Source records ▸
_____
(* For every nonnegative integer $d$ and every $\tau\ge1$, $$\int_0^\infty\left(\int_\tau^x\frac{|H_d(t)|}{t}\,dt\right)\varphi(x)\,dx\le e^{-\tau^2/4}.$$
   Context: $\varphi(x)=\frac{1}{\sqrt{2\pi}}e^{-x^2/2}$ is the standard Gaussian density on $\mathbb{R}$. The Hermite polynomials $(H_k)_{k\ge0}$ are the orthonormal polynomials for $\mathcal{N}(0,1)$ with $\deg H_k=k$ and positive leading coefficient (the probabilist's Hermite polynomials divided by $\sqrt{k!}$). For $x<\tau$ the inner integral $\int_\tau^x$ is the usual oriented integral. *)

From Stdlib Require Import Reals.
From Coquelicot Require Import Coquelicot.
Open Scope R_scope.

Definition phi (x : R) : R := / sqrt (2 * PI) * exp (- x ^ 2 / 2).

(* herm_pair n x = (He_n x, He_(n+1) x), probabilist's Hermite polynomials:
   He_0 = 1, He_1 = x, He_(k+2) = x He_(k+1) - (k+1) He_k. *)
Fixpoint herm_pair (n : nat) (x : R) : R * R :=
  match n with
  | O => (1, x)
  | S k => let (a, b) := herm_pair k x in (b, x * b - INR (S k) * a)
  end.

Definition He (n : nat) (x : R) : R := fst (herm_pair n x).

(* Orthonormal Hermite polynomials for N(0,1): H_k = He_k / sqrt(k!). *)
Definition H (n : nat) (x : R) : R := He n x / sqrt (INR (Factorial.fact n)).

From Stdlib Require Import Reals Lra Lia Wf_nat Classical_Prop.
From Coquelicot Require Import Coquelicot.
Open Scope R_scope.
_____
Problem to work on ▸ Tally the lines above containing "From". Answer with the count only.

Response to the exercise ▸ 4